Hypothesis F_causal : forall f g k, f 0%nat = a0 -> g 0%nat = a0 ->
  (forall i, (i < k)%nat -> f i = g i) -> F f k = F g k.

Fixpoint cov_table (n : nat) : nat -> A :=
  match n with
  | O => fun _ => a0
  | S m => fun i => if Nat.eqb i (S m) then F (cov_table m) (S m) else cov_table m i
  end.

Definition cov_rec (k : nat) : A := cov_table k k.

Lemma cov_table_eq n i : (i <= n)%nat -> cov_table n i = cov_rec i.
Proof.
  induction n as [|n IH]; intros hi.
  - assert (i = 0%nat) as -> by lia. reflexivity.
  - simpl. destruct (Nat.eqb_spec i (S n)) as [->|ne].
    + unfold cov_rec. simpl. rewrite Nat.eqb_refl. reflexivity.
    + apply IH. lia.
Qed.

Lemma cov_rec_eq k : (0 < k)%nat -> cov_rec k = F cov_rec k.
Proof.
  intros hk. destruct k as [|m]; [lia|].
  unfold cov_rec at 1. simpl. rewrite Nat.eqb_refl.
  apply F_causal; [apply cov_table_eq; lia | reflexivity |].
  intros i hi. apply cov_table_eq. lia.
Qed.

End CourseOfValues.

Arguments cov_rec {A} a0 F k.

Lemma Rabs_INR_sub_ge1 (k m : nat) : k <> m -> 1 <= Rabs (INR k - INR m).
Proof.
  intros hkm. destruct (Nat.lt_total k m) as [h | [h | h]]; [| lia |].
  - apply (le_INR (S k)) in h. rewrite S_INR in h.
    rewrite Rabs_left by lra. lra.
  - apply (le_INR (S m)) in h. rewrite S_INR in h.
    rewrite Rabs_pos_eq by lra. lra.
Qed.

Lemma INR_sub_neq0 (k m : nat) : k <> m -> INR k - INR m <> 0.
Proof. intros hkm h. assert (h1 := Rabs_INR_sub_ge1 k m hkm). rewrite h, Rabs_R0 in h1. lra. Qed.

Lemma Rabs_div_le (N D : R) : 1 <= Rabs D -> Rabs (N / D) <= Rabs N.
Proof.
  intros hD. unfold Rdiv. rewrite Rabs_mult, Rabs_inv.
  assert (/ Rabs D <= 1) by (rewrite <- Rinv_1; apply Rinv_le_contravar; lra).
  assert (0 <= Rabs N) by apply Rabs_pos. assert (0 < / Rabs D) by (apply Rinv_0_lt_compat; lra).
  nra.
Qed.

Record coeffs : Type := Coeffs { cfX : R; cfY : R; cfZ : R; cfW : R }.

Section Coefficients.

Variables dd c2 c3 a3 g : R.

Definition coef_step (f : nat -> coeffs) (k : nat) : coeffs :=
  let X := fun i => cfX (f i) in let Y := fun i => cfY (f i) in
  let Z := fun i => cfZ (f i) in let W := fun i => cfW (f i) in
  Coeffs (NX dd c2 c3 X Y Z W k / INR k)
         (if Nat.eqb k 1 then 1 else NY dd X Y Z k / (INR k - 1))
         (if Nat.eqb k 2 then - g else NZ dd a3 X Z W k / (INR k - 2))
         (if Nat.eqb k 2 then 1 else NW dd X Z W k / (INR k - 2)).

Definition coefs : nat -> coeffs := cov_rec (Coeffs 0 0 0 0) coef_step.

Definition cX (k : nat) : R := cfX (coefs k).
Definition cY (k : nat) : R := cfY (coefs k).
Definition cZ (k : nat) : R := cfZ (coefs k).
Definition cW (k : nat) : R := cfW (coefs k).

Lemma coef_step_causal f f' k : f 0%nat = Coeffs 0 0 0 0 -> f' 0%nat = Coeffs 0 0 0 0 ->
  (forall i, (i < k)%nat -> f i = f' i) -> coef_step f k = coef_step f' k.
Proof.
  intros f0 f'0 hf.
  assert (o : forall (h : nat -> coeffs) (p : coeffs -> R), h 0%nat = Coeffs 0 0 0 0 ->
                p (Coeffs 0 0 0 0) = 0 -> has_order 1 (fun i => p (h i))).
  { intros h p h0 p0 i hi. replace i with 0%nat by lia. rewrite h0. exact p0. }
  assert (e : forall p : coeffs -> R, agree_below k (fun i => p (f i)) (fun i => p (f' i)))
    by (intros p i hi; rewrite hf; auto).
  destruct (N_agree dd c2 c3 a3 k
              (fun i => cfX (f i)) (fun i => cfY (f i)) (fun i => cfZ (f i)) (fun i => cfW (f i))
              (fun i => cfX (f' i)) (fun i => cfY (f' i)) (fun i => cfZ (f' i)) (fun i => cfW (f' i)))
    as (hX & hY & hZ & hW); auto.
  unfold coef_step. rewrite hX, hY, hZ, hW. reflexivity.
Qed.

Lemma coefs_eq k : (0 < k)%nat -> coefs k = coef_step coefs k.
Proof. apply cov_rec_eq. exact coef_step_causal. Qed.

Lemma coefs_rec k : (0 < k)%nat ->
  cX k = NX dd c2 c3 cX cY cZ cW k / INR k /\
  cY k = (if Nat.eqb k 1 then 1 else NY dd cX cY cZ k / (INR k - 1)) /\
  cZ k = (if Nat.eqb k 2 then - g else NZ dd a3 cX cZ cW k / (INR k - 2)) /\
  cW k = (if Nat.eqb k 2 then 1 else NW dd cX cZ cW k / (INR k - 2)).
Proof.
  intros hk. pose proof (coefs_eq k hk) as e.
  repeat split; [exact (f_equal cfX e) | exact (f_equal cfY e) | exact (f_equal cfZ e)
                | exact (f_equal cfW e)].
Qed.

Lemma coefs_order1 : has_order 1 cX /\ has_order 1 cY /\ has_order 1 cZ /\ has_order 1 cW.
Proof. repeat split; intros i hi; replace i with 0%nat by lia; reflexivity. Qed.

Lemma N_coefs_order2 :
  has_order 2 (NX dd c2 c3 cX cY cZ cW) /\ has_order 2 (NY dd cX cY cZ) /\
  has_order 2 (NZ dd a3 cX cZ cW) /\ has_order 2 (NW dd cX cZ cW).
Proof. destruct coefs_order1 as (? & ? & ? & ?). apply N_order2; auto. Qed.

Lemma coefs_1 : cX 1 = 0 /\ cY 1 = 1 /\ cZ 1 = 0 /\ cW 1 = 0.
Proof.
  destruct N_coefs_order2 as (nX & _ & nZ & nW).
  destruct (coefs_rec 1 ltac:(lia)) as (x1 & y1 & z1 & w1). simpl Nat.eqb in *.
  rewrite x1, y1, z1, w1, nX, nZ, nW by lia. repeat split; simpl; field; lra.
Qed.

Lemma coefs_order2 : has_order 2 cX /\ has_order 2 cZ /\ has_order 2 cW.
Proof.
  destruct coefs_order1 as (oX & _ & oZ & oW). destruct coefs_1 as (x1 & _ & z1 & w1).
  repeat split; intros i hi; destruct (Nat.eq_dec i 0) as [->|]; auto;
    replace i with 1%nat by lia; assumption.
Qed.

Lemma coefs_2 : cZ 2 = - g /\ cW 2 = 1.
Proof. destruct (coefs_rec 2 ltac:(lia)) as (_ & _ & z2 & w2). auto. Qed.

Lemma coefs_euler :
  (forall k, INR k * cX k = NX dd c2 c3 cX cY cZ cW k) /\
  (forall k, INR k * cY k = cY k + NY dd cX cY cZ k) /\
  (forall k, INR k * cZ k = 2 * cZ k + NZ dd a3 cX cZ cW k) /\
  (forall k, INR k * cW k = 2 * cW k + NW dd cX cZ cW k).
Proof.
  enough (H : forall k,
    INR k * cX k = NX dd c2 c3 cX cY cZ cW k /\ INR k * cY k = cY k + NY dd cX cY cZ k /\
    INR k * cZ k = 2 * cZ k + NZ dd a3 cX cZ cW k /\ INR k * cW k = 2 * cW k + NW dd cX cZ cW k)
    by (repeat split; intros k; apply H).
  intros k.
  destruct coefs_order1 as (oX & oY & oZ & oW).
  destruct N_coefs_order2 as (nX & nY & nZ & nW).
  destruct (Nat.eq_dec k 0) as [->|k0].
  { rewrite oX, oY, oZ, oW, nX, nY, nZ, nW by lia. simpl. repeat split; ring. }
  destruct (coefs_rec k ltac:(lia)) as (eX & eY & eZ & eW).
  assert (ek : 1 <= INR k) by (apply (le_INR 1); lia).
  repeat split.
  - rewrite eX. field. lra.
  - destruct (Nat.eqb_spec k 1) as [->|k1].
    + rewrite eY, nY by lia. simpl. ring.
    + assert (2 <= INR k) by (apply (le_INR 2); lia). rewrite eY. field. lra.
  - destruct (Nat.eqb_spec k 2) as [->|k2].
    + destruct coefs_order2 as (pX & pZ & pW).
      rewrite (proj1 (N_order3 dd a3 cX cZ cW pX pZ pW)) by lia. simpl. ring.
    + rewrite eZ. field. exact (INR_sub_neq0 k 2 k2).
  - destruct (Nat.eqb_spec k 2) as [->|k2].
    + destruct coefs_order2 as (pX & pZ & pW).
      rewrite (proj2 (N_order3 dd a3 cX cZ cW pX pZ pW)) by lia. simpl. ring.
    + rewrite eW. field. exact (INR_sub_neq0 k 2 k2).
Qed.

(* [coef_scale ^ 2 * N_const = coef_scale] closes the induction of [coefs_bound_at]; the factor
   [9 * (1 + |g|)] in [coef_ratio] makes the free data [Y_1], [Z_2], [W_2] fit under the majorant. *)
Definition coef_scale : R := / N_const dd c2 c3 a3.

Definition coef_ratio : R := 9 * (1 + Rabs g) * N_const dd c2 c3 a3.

● ● ● ● ●

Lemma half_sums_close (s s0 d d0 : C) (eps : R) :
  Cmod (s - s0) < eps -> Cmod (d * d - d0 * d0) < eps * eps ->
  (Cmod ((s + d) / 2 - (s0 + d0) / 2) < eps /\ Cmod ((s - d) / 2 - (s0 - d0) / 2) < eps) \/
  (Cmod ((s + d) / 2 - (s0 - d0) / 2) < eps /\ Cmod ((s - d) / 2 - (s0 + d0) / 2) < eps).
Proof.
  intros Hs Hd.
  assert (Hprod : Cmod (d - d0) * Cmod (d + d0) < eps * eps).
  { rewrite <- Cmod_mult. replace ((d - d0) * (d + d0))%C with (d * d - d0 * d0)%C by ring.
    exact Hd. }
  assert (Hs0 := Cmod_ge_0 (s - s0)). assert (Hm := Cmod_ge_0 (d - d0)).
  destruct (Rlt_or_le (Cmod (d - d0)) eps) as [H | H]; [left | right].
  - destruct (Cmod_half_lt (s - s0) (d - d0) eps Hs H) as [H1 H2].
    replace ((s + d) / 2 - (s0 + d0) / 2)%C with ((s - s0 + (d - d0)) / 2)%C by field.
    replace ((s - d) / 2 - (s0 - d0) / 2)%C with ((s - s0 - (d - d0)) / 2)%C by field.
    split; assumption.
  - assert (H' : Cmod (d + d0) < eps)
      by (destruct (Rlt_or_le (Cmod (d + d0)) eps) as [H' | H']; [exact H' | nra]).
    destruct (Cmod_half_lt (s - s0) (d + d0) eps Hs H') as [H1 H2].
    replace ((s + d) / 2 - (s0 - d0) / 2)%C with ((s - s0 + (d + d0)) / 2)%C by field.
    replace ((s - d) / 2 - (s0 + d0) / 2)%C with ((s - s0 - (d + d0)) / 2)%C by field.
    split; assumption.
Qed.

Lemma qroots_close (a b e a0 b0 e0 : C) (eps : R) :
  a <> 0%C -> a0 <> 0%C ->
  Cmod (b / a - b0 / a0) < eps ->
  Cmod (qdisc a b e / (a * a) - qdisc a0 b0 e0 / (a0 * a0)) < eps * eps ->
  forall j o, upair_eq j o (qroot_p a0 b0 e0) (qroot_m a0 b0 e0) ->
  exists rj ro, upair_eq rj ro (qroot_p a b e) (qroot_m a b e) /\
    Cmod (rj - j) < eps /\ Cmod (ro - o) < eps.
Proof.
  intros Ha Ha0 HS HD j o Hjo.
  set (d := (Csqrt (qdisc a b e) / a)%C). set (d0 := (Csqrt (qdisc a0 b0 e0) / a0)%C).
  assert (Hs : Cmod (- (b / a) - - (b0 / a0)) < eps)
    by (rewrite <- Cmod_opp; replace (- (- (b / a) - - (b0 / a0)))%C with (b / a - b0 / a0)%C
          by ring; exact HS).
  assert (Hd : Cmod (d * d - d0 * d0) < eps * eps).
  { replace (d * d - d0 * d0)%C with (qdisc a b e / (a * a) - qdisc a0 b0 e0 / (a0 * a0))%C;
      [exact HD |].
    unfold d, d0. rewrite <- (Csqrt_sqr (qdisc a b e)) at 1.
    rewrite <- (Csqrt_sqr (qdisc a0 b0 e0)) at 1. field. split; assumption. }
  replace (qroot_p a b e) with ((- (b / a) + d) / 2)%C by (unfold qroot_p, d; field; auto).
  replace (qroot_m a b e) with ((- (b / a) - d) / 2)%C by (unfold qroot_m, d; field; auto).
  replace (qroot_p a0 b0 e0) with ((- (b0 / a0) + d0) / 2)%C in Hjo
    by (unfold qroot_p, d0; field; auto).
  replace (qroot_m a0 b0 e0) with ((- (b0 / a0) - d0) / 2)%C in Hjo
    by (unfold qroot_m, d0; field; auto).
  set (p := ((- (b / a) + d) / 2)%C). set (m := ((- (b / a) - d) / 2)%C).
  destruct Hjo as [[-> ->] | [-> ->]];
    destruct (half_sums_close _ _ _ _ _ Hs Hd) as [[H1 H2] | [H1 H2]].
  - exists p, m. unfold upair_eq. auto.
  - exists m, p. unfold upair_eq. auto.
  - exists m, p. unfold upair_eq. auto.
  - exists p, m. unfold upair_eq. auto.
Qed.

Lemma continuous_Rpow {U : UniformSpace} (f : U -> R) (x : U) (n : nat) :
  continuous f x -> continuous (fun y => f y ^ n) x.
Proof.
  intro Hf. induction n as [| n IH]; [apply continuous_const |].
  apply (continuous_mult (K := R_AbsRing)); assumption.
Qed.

● ● ● ● ●

Action item: An exact copy of the lines above, from the one containing "Fixpoint cov_table (n" through the one containing "- simpl. destruct", is the whole of the answer.

Answer to this problem:
Fixpoint cov_table (n : nat) : nat -> A :=
  match n with
  | O => fun _ => a0
  | S m => fun i => if Nat.eqb i (S m) then F (cov_table m) (S m) else cov_table m i
  end.

Definition cov_rec (k : nat) : A := cov_table k k.

Lemma cov_table_eq n i : (i <= n)%nat -> cov_table n i = cov_rec i.
Proof.
  induction n as [|n IH]; intros hi.
  - assert (i = 0%nat) as -> by lia. reflexivity.
  - simpl. destruct (Nat.eqb_spec i (S n)) as [->|ne].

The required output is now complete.